R Agca, S C Heslinga, S Rollefstad, M Heslinga, I B McInnes, M J L Peters, T K Kvien, M Dougados, H Radner, F Atzeni, J Primdahl, A Södergren, S Wallberg Jonsson, J van Rompay, C Zabalan, T R Pedersen, L Jacobsson, K de Vlam, M A Gonzalez-Gay, A G Semb & 6 others G D Kitas, Y M Smulders, Z Szekanecz, N Sattar, D P M Symmons, M T Nurmohamed

Research output: Contribution to journalArticleAcademicpeer-review

Abstract

Patients with rheumatoid arthritis (RA) and other inflammatory joint disorders (IJD) have increased cardiovascular disease (CVD) risk compared with the general population. In 2009, the European League Against Rheumatism (EULAR) taskforce recommended screening, identification of CVD risk factors and CVD risk management largely based on expert opinion. In view of substantial new evidence, an update was conducted with the aim of producing CVD risk management recommendations for patients with IJD that now incorporates an increasing evidence base. A multidisciplinary steering committee (representing 13 European countries) comprised 26 members including patient representatives, rheumatologists, cardiologists, internists, epidemiologists, a health professional and fellows.

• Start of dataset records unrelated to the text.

(* The pseudovariety $\mathsf{CS}$ of all finite completely simple semigroups (in the signature of semigroups) is strong.
   Context: For a pseudovariety $\mathsf U$ and finite set $A$, $\Omega_A\mathsf U$ is the free pro-$\mathsf U$ algebra on $A$ (here the free pro-$\mathsf{CS}$ semigroup). A $\mathsf U$-pseudoidentity is $u=v$ with $u,v\in\Omega_B\mathsf U$, $B$ finite; it holds in $T\in\mathsf U$ if both sides agree under every continuous homomorphism $\Omega_B\mathsf U\to T$; $[\![\Sigma]\!]_{\mathsf U}$ is the class of members of $\mathsf U$ satisfying $\Sigma$. Provability: for a set $\Sigma$ of $\mathsf U$-pseudoidentities and finite $A$, $\Sigma_0\subseteq\Omega_A\mathsf U\times\Omega_A\mathsf U$ is the set of pairs $(\mathbf t(\varphi(u),w_1,\dots,w_n),\mathbf t(\varphi(v),w_1,\dots,w_n))$ with $u=v$ or $v=u$ in $\Sigma$ ($u,v\in\Omega_B\mathsf U$), $\varphi:\Omega_B\mathsf U\to\Omega_A\mathsf U$ a continuous homomorphism, $\mathbf t$ a semigroup term, $w_i\in\Omega_A\mathsf U$; $\Sigma_{2\alpha+1}$ is the transitive closure of $\Sigma_{2\alpha}$, $\Sigma_{2\alpha+2}$ the topological closure of $\Sigma_{2\alpha+1}$, unions at limit ordinals; $u=v$ is provable from $\Sigma$ if $(u,v)\in\bigcup_\alpha\Sigma_\alpha$. $\mathsf U$ is strong if for every set $\Sigma$ of $\mathsf U$-pseudoidentities, every $\mathsf U$-pseudoidentity valid in $[\![\Sigma]\!]_{\mathsf U}$ is provable from $\Sigma$. *)

From HB Require Import structures.
From mathcomp Require Import all_boot all_order.
From mathcomp Require Import all_classical topology.
Set Implicit Arguments. Unset Strict Implicit. Unset Printing Implicit Defensive.
Local Open Scope classical_set_scope.

Record finSemigroup := FinSemigroup {
  fs_sort :> finType;
  fs_mul : fs_sort -> fs_sort -> fs_sort;
  fs_assoc : associative fs_mul }.

Definition is_ideal (S : finSemigroup) (I : {set S}) : Prop :=
  I != finset.set0 /\ forall s x, x \in I -> fs_mul s x \in I /\ fs_mul x s \in I.

Definition is_simple (S : finSemigroup) : Prop :=
  forall I : {set S}, is_ideal I -> I = finset.setTfor S.

Definition idempotent_elt (S : finSemigroup) (e : S) : Prop := fs_mul e e = e.

Definition idem_le (S : finSemigroup) (e f : S) : Prop :=
  e = fs_mul e f /\ e = fs_mul f e.

Definition primitive_idempotent (S : finSemigroup) (e : S) : Prop :=
  idempotent_elt e /\
  forall f, idempotent_elt f -> idem_le f e -> f = e.

Definition completely_simple (S : finSemigroup) : Prop :=
  is_simple S /\ exists e : S, primitive_idempotent e.

Definition is_hom (X Y : Type) (mX : X -> X -> X) (mY : Y -> Y -> Y) (h : X -> Y) :=
  forall x y, h (mX x y) = mY (h x) (h y).

Definition cont_discrete (X : topologicalType) (S : Type) (h : X -> S) : Prop :=
  forall s : S, open (h @^-1` [set s]).
(* Put k = p + q - pq - qp = (p - q)^2: it is self-adjoint and commutes with p
   and q. The symmetries p <-> q and (p, q) |-> (1 - p, 1 - q) fix k and reduce
   the nineteen elements to seven, each of whose MP invertibility forces that of
   the corner p k = p - pqp, via a^+ = a^* c^+ for c = a a^* in a *-reducing
   ring. The other corner (1 - p) k = (1 - p) q (1 - p) is intertwined with p k
   by (1 - p) q p, so it is MP invertible too, and k^+ is the sum of the two
   corner inverses. Once u = k^+ is known to commute with p and q, every inverse
   in the statement is an explicit noncommutative polynomial in p, q and u, e.g.
   (p - q)^+ = (p - q) u and (1 - pq)^+ = 1 - pq + pq (u + k u), so (1) becomes
   a list of polynomial identities, and (2) is (1) for the pair (1 - p, 1 - q). *)

From HB Require Import structures.
From mathcomp Require Import all_boot all_algebra.
From Stdlib Require Import ClassicalEpsilon.
Set Implicit Arguments. Unset Strict Implicit. Unset Printing Implicit Defensive.
Import GRing.Theory.
Local Open Scope ring_scope.

(** * Identities between idempotents and commuting elements *)

Inductive letter := Idem of nat | Cent of nat | Free of nat.

Definition letter_code (a : letter) : nat * nat :=
  match a with Idem i => (0, i) | Cent i => (1, i) | Free i => (2, i) end.

Definition letter_decode (c : nat * nat) : letter :=
  match c with (0, i) => Idem i | (1, i) => Cent i | (_, i) => Free i end.

Lemma letter_codeK : cancel letter_code letter_decode.
Proof. by case. Qed.

HB.instance Definition _ := Equality.copy letter (can_type letter_codeK).

Inductive term :=
  | Atom of letter | Zero | One | Add of term & term | Opp of term | Mul of term & term.

Definition is_idem (a : letter) : bool := if a is Idem _ then true else false.
Definition is_cent (a : letter) : bool := if a is Cent _ then true else false.

Definition word := seq letter.

Fixpoint expand (t : term) : seq word * seq word :=
  match t with
  | Atom a => ([:: [:: a]], [::])
  | Zero => ([::], [::])
  | One => ([:: [::]], [::])
  | Add t1 t2 => let: (P1, N1) := expand t1 in let: (P2, N2) := expand t2 in
                 (P1 ++ P2, N1 ++ N2)
  | Opp t1 => let: (P1, N1) := expand t1 in (N1, P1)
  | Mul t1 t2 => let: (P1, N1) := expand t1 in let: (P2, N2) := expand t2 in
      ([seq w1 ++ w2 | w1 <- P1, w2 <- P2] ++ [seq w1 ++ w2 | w1 <- N1, w2 <- N2],
       [seq w1 ++ w2 | w1 <- P1, w2 <- N2] ++ [seq w1 ++ w2 | w1 <- N1, w2 <- P2])
  end.

Fixpoint squash (w : word) : word :=
  match w with
  | a :: ((b :: _) as w') => if (a == b) && is_idem a then squash w' else a :: squash w'
  | _ => w
  end.

Definition normal_word (w : word) : word :=
  squash (filter (predC is_cent) w) ++ filter is_cent w.

Definition nc_equal (t1 t2 : term) : bool :=
  let: (P1, N1) := expand t1 in let: (P2, N2) := expand t2 in
  perm_eq (map normal_word (P1 ++ N2)) (map normal_word (P2 ++ N1)).

Section NoncommutativeNormalization.
Variable R : pzRingType.

Fixpoint all_idem (xs : seq R) : Prop :=
  if xs is x :: xs' then x * x = x /\ all_idem xs' else True.

Fixpoint comm_with (c : R) (xs : seq R) : Prop :=
  if xs is x :: xs' then c * x = x * c /\ comm_with c xs' else True.

Fixpoint all_comm (cs xs : seq R) : Prop :=
  if cs is c :: cs' then comm_with c xs /\ all_comm cs' xs else True.

Lemma all_idemP xs : all_idem xs -> forall i, nth 0 xs i * nth 0 xs i = nth 0 xs i.
Proof.
elim: xs => [_ i|x xs IHxs [xx /IHxs xsP] [|i] //=].
by rewrite nth_nil mul0r.
Qed.

Lemma all_commP cs xs : all_comm cs xs -> forall i j, GRing.comm (nth 0 cs i) (nth 0 xs j).
Proof.
have comm_withP c ys : comm_with c ys -> forall j, GRing.comm c (nth 0 ys j).
  elim: ys => [_ j|y ys IHys [cy /IHys ysP] [|j] //=].
  by rewrite nth_nil; apply: commr0.
elim: cs => [_ i j|c cs IHcs [/comm_withP cP /IHcs csP] [|i] j //=].
by rewrite nth_nil; apply/esym/commr0.
Qed.

Variables (idems cents frees : seq R).
(* Let $c$ be a prefix equivariant statistic and $\theta>0$. Let $2\le k\le N$, $p=e_{k-1}=12\cdots(k-1)$ and $q=e_k=12\cdots k$. Let $R$ be the set of permutations $r\in\mathfrak S_k$ with $r\ne q$ whose $(k-1)$-st prefix flattening equals $p$. Then $$\widehat S^c(p)=\widehat{\bar S}(q)+\widehat S^c(q)\sum_{r\in R}\theta^{c(r)-c(q)},\qquad \widehat S(p)=\widehat S(q)\sum_{r\in R}\theta^{c(r)-c(q)}.$$
   Context: Permutations of $\{1,\dots,m\}$ are written in one-line notation; $\mathfrak S_m$ is the set of all of them. Fix $N\ge1$, a statistic $c:\bigcup_{m=1}^N\mathfrak S_m\to\mathbb Z_{\ge0}$ and a real $\theta>0$. Prefixes and containment: - A prefix is an element of $\bigcup_{m=1}^N\mathfrak S_m$. - $\pi^{(i)}\in\mathfrak S_i$ denotes the unique permutation with the same relative order as $\pi_1,\dots,\pi_i$. - A prefix $r\in\mathfrak S_n$ contains $p\in\mathfrak S_m$ ($m\le n$) if $r^{(m)}=p$. - For $p\in\mathfrak S_m$ and $\pi\in\mathfrak S_N$: $\pi$ is $p$-prefixed if $\pi^{(m)}=p$, and $p$-winnable if moreover $\pi_m=N$. Probabilities: - $D(p)=\sum_{p\text{-prefixed }\pi\in\mathfrak S_N}\theta^{c(\pi)}$. - $S(p)=\big(\sum_{p\text{-winnable }\pi}\theta^{c(\pi)}\big)/D(p)$. - $S^c(p)=0$ if $p\in\mathfrak S_N$; for $p\in\mathfrak S_m$ with $m<N$, $S^c(p)=\big(\sum_{q'\in\mathfrak S_{m+1}\text{ containing }p}D(q')\bar S(q')\big)/D(p)$. - $\bar S(p)=\max(S(p),S^c(p))$. Numerators over the standard denominator $D(p)$ are written $\widehat S(p)=D(p)S(p)$, $\widehat S^c(p)=D(p)S^c(p)$ and $\widehat{\bar S}(p)=D(p)\bar S(p)$. Let $e_k=12\cdots k$. For $q\in\mathfrak S_k$ and $\pi\in\mathfrak S_m$ ($k\le m\le N$) with $\pi_1<\cdots<\pi_k$, $\sigma_q\cdot\pi\in\mathfrak S_m$ is given by $(\sigma_q\cdot\pi)_i=\pi_{q_i}$ for $i\le k$ and $(\sigma_q\cdot\pi)_i=\pi_i$ for $i>k$. The statistic $c$ is prefix equivariant if $c(\pi)-c(\sigma_q\cdot\pi)=c(e_k)-c(q)$ for all $k$, all $q\in\mathfrak S_k$, and all such $\pi$. *)

From HB Require Import structures.
From mathcomp Require Import all_boot all_order all_algebra all_fingroup.
Set Implicit Arguments. Unset Strict Implicit. Unset Printing Implicit Defensive.
Import Order.TTheory GRing.Theory Num.Theory.

(* Permutations of {1..m} are modelled by 'S_m = {perm 'I_m}; positions and
   values are shifted to 0..m-1 (only relative order matters).
   The one-line entry pi_i (1-based) is [pv pi (i-1)].                     *)

Definition pv (m : nat) (s : 'S_m) (i : nat) : nat :=
  if insub i is Some j then val (s j) else 0.

(* r in S_n contains p in S_m : m <= n and r^{(m)} = p, i.e. the first m
   entries of r have the same relative order as p. *)
Definition contains (n m : nat) (r : 'S_n) (p : 'S_m) : bool :=
  (m <= n) && [forall a : 'I_m, forall b : 'I_m,
                 (pv r a < pv r b) == (p a < p b)].

Definition statistic := forall m : nat, 'S_m -> nat.

(* prefix equivariance (stated with sigma_q . pi described entrywise) *)
Definition prefix_equivariant (N : nat) (c : statistic) : Prop :=
  forall (k m : nat) (q : 'S_k) (pi spi : 'S_m),
    1 <= k -> k <= m -> m <= N ->
    (forall i j, i < j -> j < k -> pv pi i < pv pi j) ->
    (forall i, i < k -> pv spi i = pv pi (pv q i)) ->
    (forall i, k <= i -> i < m -> pv spi i = pv pi i) ->
    ((c m pi)%:Z - (c m spi)%:Z = (c k 1%g)%:Z - (c k q)%:Z)%R.

Section Probabilities.
Local Open Scope ring_scope.
Variables (R : realFieldType) (N : nat) (c : statistic) (theta : R).

Definition Dw (m : nat) (p : 'S_m) : R :=
  \sum_(pi : 'S_N | contains pi p) theta ^+ (@c N pi).

(* numerator of S(p): p-winnable permutations (pi_m = N) *)
Definition Swin (m : nat) (p : 'S_m) : R :=
  \sum_(pi : 'S_N | contains pi p && (pv pi m.-1 == N.-1)%N)
     theta ^+ (@c N pi).

Definition Sp (m : nat) (p : 'S_m) : R := Swin p / Dw p.

(* S^c with fuel; the actual S^c(p) uses fuel N - m *)
Fixpoint Scf (f : nat) (m : nat) (p : 'S_m) : R :=
  match f with
  | 0 => 0
  | f'.+1 => (\sum_(q' : 'S_m.+1 | contains q' p)
                 Dw q' * Num.max (Sp q') (Scf f' q')) / Dw p
  end.

Definition Sc (m : nat) (p : 'S_m) : R := Scf (N - m) p.

Definition Sbar (m : nat) (p : 'S_m) : R := Num.max (Sp p) (Sc p).

Definition Shat (m : nat) (p : 'S_m) : R := Dw p * Sp p.
Definition Schat (m : nat) (p : 'S_m) : R := Dw p * Sc p.
Definition Sbarhat (m : nat) (p : 'S_m) : R := Dw p * Sbar p.

End Probabilities.

From Pilot Require Import Defs.
From HB Require Import structures.
From mathcomp Require Import all_boot all_order all_algebra all_fingroup.
From mathcomp Require Import zify.
Set Implicit Arguments. Unset Strict Implicit. Unset Printing Implicit Defensive.
Import Order.TTheory GRing.Theory Num.Theory.

(* Write R for the patterns r of size k, r <> q, whose (k-1)-prefix is p.
   The idea is that each r in R is obtained from q by the prefix action
   sigma_r (permuting the first k entries), and prefix equivariance makes
   sigma_r rescale every weight theta^c by the constant
   ratio r = theta^(c r - c q).  Hence D(r) = D(q) ratio r and
   S^c(r) = S^c(q) (by induction on the recursion fuel), while S(r) = 0
   because the entry N cannot sit in the last position of r.
   - Expanding the recursion of S^c(p) over the extensions of p into q and
     the patterns of R gives the first identity.
   - Sorting the p-winnable permutations by the flattening of their first k
     entries, which always lies in R, and matching each class with the
     q-winnable permutations via sigma_r gives the second identity. *)

Definition perm_of (m : nat) (f : 'I_m -> 'I_m) : 'S_m :=
  insubd (1%g : 'S_m) [ffun i => f i].

Lemma perm_ofE m (f : 'I_m -> 'I_m) : injective f -> perm_of f =1 f.
Proof.
move=> f_inj i; rewrite /perm_of -pvalE insubdK ?ffunE //.
by apply/injectiveP => a b; rewrite !ffunE; apply: f_inj.
Qed.

Lemma pv_ord m (s : 'S_m) (i : 'I_m) : pv s i = val (s i).
Proof. by rewrite /pv valK. Qed.

Lemma pv_ltn m (s : 'S_m) i : (i < m)%N -> (pv s i < m)%N.
Proof. by move=> im; rewrite (pv_ord s (Ordinal im)) ltn_ord. Qed.

Lemma pv_inj m (s : 'S_m) i j :
  (i < m)%N -> (j < m)%N -> pv s i = pv s j -> i = j.
Proof.
move=> im jm; rewrite (pv_ord s (Ordinal im)) (pv_ord s (Ordinal jm)).
by move/val_inj/perm_inj => [].
Qed.

Lemma pv_id m i : (i < m)%N -> pv (1%g : 'S_m) i = i.
Proof. by move=> im; rewrite (pv_ord _ (Ordinal im)) perm1. Qed.

Lemma pv_mul m (s t : 'S_m) i : (i < m)%N -> pv (s * t)%g i = pv t (pv s i).
Proof. by move=> im; rewrite !(pv_ord _ (Ordinal im)) permM pv_ord. Qed.

Lemma pv_preimage m (s : 'S_m) v : (v < m)%N -> pv s (pv (s^-1)%g v) = v.
Proof. by move=> vm; rewrite -pv_mul ?pv_ltn // mulVg pv_id. Qed.

Lemma containsP n m (r : 'S_n) (p : 'S_m) :
  reflect ((m <= n)%N /\ forall a b, (a < m)%N -> (b < m)%N ->
             (pv r a < pv r b) = (pv p a < pv p b))
          (contains r p).
Proof.
apply: (iffP andP) => -[mn H]; split => //.
- move=> a b am bm; move/forallP/(_ (Ordinal am))/forallP/(_ (Ordinal bm)): H.
  by rewrite (pv_ord p (Ordinal am)) (pv_ord p (Ordinal bm)) => /eqP.
- by apply/forallP => a; apply/forallP => b; rewrite H // !pv_ord.
Qed.

Lemma contains_trans n m l (pi : 'S_n) (u : 'S_m) (v : 'S_l) :
  contains pi u -> contains u v -> contains pi v.
Proof.
move=> /containsP [mn H1] /containsP [lm H2]; apply/containsP.
split=> [|a b al bl]; first exact: leq_trans lm mn.
by rewrite H1 ?(leq_trans al lm) ?(leq_trans bl lm) // H2.
Qed.

Lemma contains_restrict n m l (pi : 'S_n) (u : 'S_m) (v : 'S_l) :
  (l <= m)%N -> contains pi u -> contains pi v -> contains u v.
Proof.
move=> lm /containsP [mn H1] /containsP [ln H2]; apply/containsP.
split=> // a b al bl.
by rewrite -H1 ?(leq_trans al lm) ?(leq_trans bl lm) // H2.
Qed.

Lemma contains_id n m : (m <= n)%N -> contains (1%g : 'S_n) (1%g : 'S_m).
Proof.
move=> mn; apply/containsP; split=> // a b am bm.
by rewrite !pv_id // ?(leq_trans am mn) ?(leq_trans bm mn).
Qed.

Definition incr_prefix (k n : nat) (pi : 'S_n) : Prop :=
  forall a b, (a < b)%N -> (b < k)%N -> (pv pi a < pv pi b)%N.

Lemma incr_prefix_id k m : (k <= m)%N -> incr_prefix k (1%g : 'S_m).
Proof.
move=> km a b ab bk; have bm := leq_trans bk km.
by rewrite !pv_id // (ltn_trans ab bm).
Qed.

Lemma incr_prefix_contains k n m (pi : 'S_n) (t : 'S_m) :
  (k <= m)%N -> contains pi t -> incr_prefix k t -> incr_prefix k pi.
Proof.
move=> km /containsP [mn H] t_incr a b ab bk; have bm := leq_trans bk km.
by rewrite H ?(ltn_trans ab bm) //; apply: t_incr.
Qed.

Systematic literature searches were performed and evidence was categorised according to standard guidelines. The evidence was discussed and summarised by the experts in the course of a consensus finding and voting process. Three overarching principles were defined. First, there is a higher risk for CVD in patients with RA, and this may also apply to ankylosing spondylitis and psoriatic arthritis. Second, the rheumatologist is responsible for CVD risk management in patients with IJD. Third, the use of non-steroidal anti-inflammatory drugs and corticosteroids should be in accordance with treatment-specific recommendations from EULAR and Assessment of Spondyloarthritis International Society. Ten recommendations were defined, of which one is new and six were changed compared with the 2009 recommendations. Each designated an appropriate evidence support level. The present update extends on the evidence that CVD risk in the whole spectrum of IJD is increased. This underscores the need for CVD risk management in these patients. These recommendations are defined to provide assistance in CVD risk management in IJD, based on expert opinion and scientific evidence.

Original languageEnglish
Pages (from-to)17-28
Number of pages12
JournalAnnals of the Rheumatic Diseases
Volume76
Issue number1
DOIs
Publication statusPublished - Jan 2017

Cite this

Agca, R ; Heslinga, S C ; Rollefstad, S ; Heslinga, M ; McInnes, I B ; Peters, M J L ; Kvien, T K ; Dougados, M ; Radner, H ; Atzeni, F ; Primdahl, J ; Södergren, A ; Wallberg Jonsson, S ; van Rompay, J ; Zabalan, C ; Pedersen, T R ; Jacobsson, L ; de Vlam, K ; Gonzalez-Gay, M A ; Semb, A G ; Kitas, G D ; Smulders, Y M ; Szekanecz, Z ; Sattar, N ; Symmons, D P M ; Nurmohamed, M T. / EULAR recommendations for cardiovascular disease risk management in patients with rheumatoid arthritis and other forms of inflammatory joint disorders : 2015/2016 update. In: Annals of the Rheumatic Diseases. 2017 ; Vol. 76, No. 1. pp. 17-28.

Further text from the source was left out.